Joe Paterno Returning to Penn State, Seriously.

None
facebooktwitter

Paterno is a great man. His accomplishments are incredible, but even greatness succumbs to age. He’s not involved with the team. He doesn’t wear a headset. He’s not recruiting. He’s not devising schemes. He’s not running practice drills. People cringe when he climbs up stadium steps or behind the steering wheel. Paterno survives interviews and press conferences because it would be indecent to press him for names or details. Him “sounding sharp” on a particular day is noteworthy.

Penn State may win 10 games next year, but it will be because his assistants found creative ways to work around him.

Paterno has earned the right to decide his departure, but he has to handle that right responsibly. It’s not just about him. He is leaving former players, assistants and fans in a state of suspended animation. Greg Schiano turned down jobs at Michigan and Miami. Al Golden may do the same. Lloyd Carr began as an assistant at Eastern Michigan, had his entire coaching career and retired in the time Tom Bradley has been an assistant at PSU.

Fans see a program with elite potential that hasn’t updated the offensive playbook in 20 years and can no longer land top Pennsylvania recruits.
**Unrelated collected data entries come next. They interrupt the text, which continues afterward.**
(* Let $\mathcal R(P_n)=u_1,\ldots,u_m$. (1) For $n\geq2$: if $x_n\mid u_i$ for some $i$, then $x_n\mid u_j$ for all $j\geq i$. (2) For $n\geq3$: if $x_{n-2}\mid u_i$ for some $i$, then $x_{n-2}\mid u_j$ for all $j\geq i$. (3) For $n\geq4$: if $\mathcal R(P_{n-2})=v_1,\ldots,v_k$ and $\mathcal R(P_{n-1})=w_1,\ldots,w_\ell$, then $\mathcal R(P_n)=x_{n-1}v_1,\ldots,x_{n-1}v_k,x_nw_1,\ldots,x_nw_\alpha$ for some $\alpha<\ell$.
   Context: For $m\geq 1$, $P_m$ is the path graph on vertices $x_1,\ldots,x_m$ with edges $\{x_i,x_{i+1}\}$. The rooted list $\mathcal R(P_m)$ (a list of the minimal monomial generators of the cover ideal of $P_m$) is defined recursively: $\mathcal R(P_1)$ empty; $\mathcal R(P_2)=x_1,x_2$; $\mathcal R(P_3)=x_2,x_1x_3$; $\mathcal R(P_4)=x_1x_3,x_2x_3,x_2x_4$; for $m\geq5$, if $\mathcal R(P_{m-2})=u_1,\ldots,u_r$ and $\mathcal R(P_{m-3})=v_1,\ldots,v_s$, then $\mathcal R(P_m)=x_{m-1}u_1,\ldots,x_{m-1}u_r,x_mx_{m-2}v_1,\ldots,x_mx_{m-2}v_s$. *)

From mathcomp Require Import all_boot.
From mathcomp Require Import finmap multiset.
Set Implicit Arguments. Unset Strict Implicit. Unset Printing Implicit Defensive.
Local Open Scope fset_scope.
Local Open Scope mset_scope.

(* Monomials in the variables x_1, x_2, ... are finite multisets of variable
   indices: the monomial x_1^{a_1} x_2^{a_2} ... is the multiset containing
   i with multiplicity a_i. *)
Definition monomial := {mset nat}.
Definition var (i : nat) : monomial := [mset i].
Definition mmul (u w : monomial) : monomial := u `+` w.
Definition mdvd (u w : monomial) : bool := u `<=` w.

(* The rooted list R(P_m) of the path graph P_m (R(P_0) := [::] by convention,
   P_0 is never used). *)
Fixpoint rooted (m : nat) : seq monomial :=
  match m with
  | 0 | 1 => [::]
  | 2 => [:: var 1; var 2]
  | 3 => [:: var 2; mmul (var 1) (var 3)]
  | 4 => [:: mmul (var 1) (var 3); mmul (var 2) (var 3); mmul (var 2) (var 4)]
  | ((((k.+2 as k2).+1) as k3).+2) =>
      [seq mmul (var k.+4) u | u <- rooted k3] ++
      [seq mmul (mmul (var k.+4.+1) (var k.+3)) v | v <- rooted k2]
  end.

From mathcomp Require Import all_boot.
From mathcomp Require Import finmap multiset.
From mathcomp Require Import zify.

Set Implicit Arguments. Unset Strict Implicit. Unset Printing Implicit Defensive.

(* Every variable of a monomial of R(P_m) is at most x_m.  In
   R(P_n) = x_{n-1} R(P_{n-2}), x_n x_{n-2} R(P_{n-3}) the variable x_n
   therefore occurs exactly in the second block, and x_{n-2} occurs in the
   second block and, inside the first block, exactly where it occurs in
   R(P_{n-2}), which by the first statement is a final segment.  Finally the
   first block of R(P_{n-1}) is x_{n-2} R(P_{n-3}), so the second block of
   R(P_n) is x_n times a proper prefix of R(P_{n-1}). *)

Section SortedImplb.

Variables (T : Type) (P : pred T).

Lemma relpre_implb_trans : transitive (relpre P implb).
Proof. by move=> y x z /=; case: (P x); case: (P y). Qed.

Lemma sorted_implb_predC s : all (predC P) s -> sorted (relpre P implb) s.
Proof.
elim: s => //= x s IHs /andP[/negbTE Px Ps].
rewrite path_min_sorted ?IHs //.
by apply: sub_all (all_predT s) => y _ /=; rewrite Px.
Qed.

Lemma sorted_implb_all s : all P s -> sorted (relpre P implb) s.
Proof.
elim: s => //= x s IHs /andP[_ Ps].
rewrite path_min_sorted ?IHs //.
by apply: sub_all Ps => y /= ->; rewrite implybT.
Qed.

Lemma sorted_implb_catr s1 s2 :
  sorted (relpre P implb) s1 -> all P s2 -> sorted (relpre P implb) (s1 ++ s2).
Proof.
move=> s1_sorted Ps2; have trans := relpre_implb_trans.
rewrite sorted_pairwise // pairwise_cat -!sorted_pairwise //.
rewrite s1_sorted sorted_implb_all // !andbT.
apply: sub_all (all_predT s1) => x _; apply: sub_all Ps2 => y /= ->.
exact: implybT.
Qed.

Lemma sorted_implb_nth x0 s i j : sorted (relpre P implb) s ->
  i <= j -> j < size s -> P (nth x0 s i) -> P (nth x0 s j).
Proof.
move=> s_sorted le_ij lt_js; apply/implyP.
apply: (sorted_leq_nth relpre_implb_trans _ x0 s_sorted) => //=.
- by move=> x /=; rewrite implybb.
- by rewrite inE (leq_ltn_trans le_ij).
Qed.

End SortedImplb.

Lemma mdvd_var i (u : monomial) : mdvd (var i) u = (i \in u).
Proof. exact: msub1set. Qed.

Lemma in_var i j : (i \in var j) = (i == j).
Proof. exact: in_mset1. Qed.

Lemma in_mmul i (u w : monomial) : (i \in mmul u w) = (i \in u) || (i \in w).
Proof. exact: in_msetD. Qed.

Lemma mmulA (u v w : monomial) : mmul u (mmul v w) = mmul (mmul u v) w.
Proof. exact: msetDA. Qed.

Lemma mmulC (u w : monomial) : mmul u w = mmul w u.
Proof. exact: msetDC. Qed.

Lemma rooted_recE n : 4 < n -> rooted n =
  [seq mmul (var n.-1) u | u <- rooted (n - 2)] ++
  [seq mmul (mmul (var n) (var (n - 2))) v | v <- rooted (n - 3)].
Proof. by case: n => [|[|[|[|[|k]]]]]. Qed.

Lemma rooted_support_leq m (u : monomial) i : u \in rooted m -> i \in u -> i <= m.
Proof.
elim/ltn_ind: m u => m IHm u.
have [le_m4 | lt_4m] := leqP m 4.
  case: m le_m4 {IHm} => [|[|[|[|[|//]]]]] _ // u_in;
    by repeat case/predU1P: u_in => [-> | u_in] //; rewrite ?in_mmul !in_var; lia.
rewrite rooted_recE // mem_cat => /orP[] /mapP[v v_in ->];
  rewrite !in_mmul !in_var => /orP[|i_in_v]; try lia.
- by have := IHm (m - 2) _ v v_in i_in_v; lia.
- by have := IHm (m - 3) _ v v_in i_in_v; lia.
Qed.

Lemma size_rooted_gt0 m : 1 < m -> 0 < size (rooted m).
Proof.
elim/ltn_ind: m => m IHm lt_1m.
have [le_m4 | lt_4m] := leqP m 4.
  by case: m le_m4 lt_1m {IHm} => [|[|[|[|[|]]]]].
by rewrite rooted_recE // size_cat size_map ltn_addr // IHm //; lia.
Qed.

Lemma rooted_sorted_mem_last n : 1 < n ->
  sorted (relpre (fun u => n \in u) implb) (rooted n).
Proof.
move=> lt_1n; have [le_n4 | lt_4n] := leqP n 4.
  case: n le_n4 lt_1n => [|[|[|[|[|//]]]]] _ _ //=;
    by rewrite ?in_mmul !in_var.
rewrite rooted_recE // sorted_implb_catr //.
  apply/sorted_implb_predC/allP => _ /mapP[u u_in ->] /=.
  rewrite in_mmul in_var; apply/norP; split; first by apply/eqP; lia.
  by apply/negP => /(rooted_support_leq u_in); lia.
by apply/allP => _ /mapP[v _ ->]; rewrite !in_mmul in_var eqxx.
Qed.

Lemma rooted_sorted_mem_antepenult n : 2 < n ->
  sorted (relpre (fun u => (n - 2) \in u) implb) (rooted n).
Proof.
move=> lt_2n; have [le_n4 | lt_4n] := leqP n 4.
  case: n le_n4 lt_2n => [|[|[|[|[|//]]]]] _ _ //=;
    by rewrite ?in_mmul !in_var.
rewrite rooted_recE // sorted_implb_catr //.
  rewrite sorted_map; apply: sub_sorted (rooted_sorted_mem_last _) => //; last lia.
  move=> u w /=; rewrite !in_mmul !in_var.
  by have -> : (n - 2 == n.-1) = false by lia.
by apply/allP => _ /mapP[v _ ->]; rewrite !in_mmul !in_var eqxx orbT.
Qed.

Lemma take_rooted m : 3 < m ->
  take (size (rooted (m - 2))) (rooted m) =
  [seq mmul (var m.-1) u | u <- rooted (m - 2)].
Proof.
case: m => [|[|[|[|[|k]]]]] // _; first by rewrite /= !(mmulC (var 3)).
by rewrite (rooted_recE (n := k.+4.+1)) // take_size_cat ?size_map.
Qed.

Lemma size_rooted_lt m : 3 < m -> size (rooted (m - 2)) < size (rooted m).
Proof.
case: m => [|[|[|[|[|k]]]]] // _.
rewrite (rooted_recE (n := k.+4.+1)) // size_cat !size_map.
by rewrite -addn1 leq_add2l size_rooted_gt0.
Qed.

Lemma rooted_cat_take n : 3 < n ->
  exists alpha : nat, alpha < size (rooted n.-1) /\
    rooted n = [seq mmul (var n.-1) v | v <- rooted (n - 2)] ++
               [seq mmul (var n) w | w <- take alpha (rooted n.-1)].
Proof.
case: n => [|[|[|[|[|k]]]]] // _.
  by exists 1; split => //=; rewrite !(mmulC (var 3)) (mmulC (var 4)).
exists (size (rooted k.+2)); split; first exact: (size_rooted_lt (m := k.+4)).
rewrite (take_rooted (m := k.+4)) // (rooted_recE (n := k.+4.+1)) // -map_comp.
by congr (_ ++ _); apply: eq_map => v /=; rewrite mmulA.
Qed.

Theorem lemma3p7 :
  (* (1) *)
  (forall n i j : nat, 2 <= n -> i <= j -> j < size (rooted n) ->
     mdvd (var n) (nth mset0 (rooted n) i) ->
     mdvd (var n) (nth mset0 (rooted n) j)) /\
  (* (2) *)
  (forall n i j : nat, 3 <= n -> i <= j -> j < size (rooted n) ->
     mdvd (var (n - 2)) (nth mset0 (rooted n) i) ->
     mdvd (var (n - 2)) (nth mset0 (rooted n) j)) /\
  (* (3) *)
  (forall n : nat, 4 <= n ->
     exists alpha : nat, alpha < size (rooted n.-1) /\
       rooted n = [seq mmul (var n.-1) v | v <- rooted (n - 2)] ++
                  [seq mmul (var n) w | w <- take alpha (rooted n.-1)]).
Proof.
split; [|split].
- move=> n i j le_2n; rewrite !mdvd_var.
  exact: sorted_implb_nth (rooted_sorted_mem_last le_2n).
- move=> n i j le_3n; rewrite !mdvd_var.
  exact: sorted_implb_nth (rooted_sorted_mem_antepenult le_3n).
- exact: rooted_cat_take.
Qed.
This year, they have hardly had any recruits.

Paterno built Penn State’s program, but he has ceased being an accountable steward for it. The young, improving team is not an incentive to stay. It’s the opportune time to transition smoothly. Paterno hasn’t planned for his succession. He has “not thought about” his inevitable retirement, at 84. That’s not perseverance or competitive zeal. It’s egotism.

Joe Paterno has been at Penn State forever. He’s outlasted anyone with the gravitas to fire him. He has been a mentor and influential figure to everyone affiliated with the program. He has no clothes and no one has the heart to tell him. The situation won’t be handled delicately. It just won’t be handled.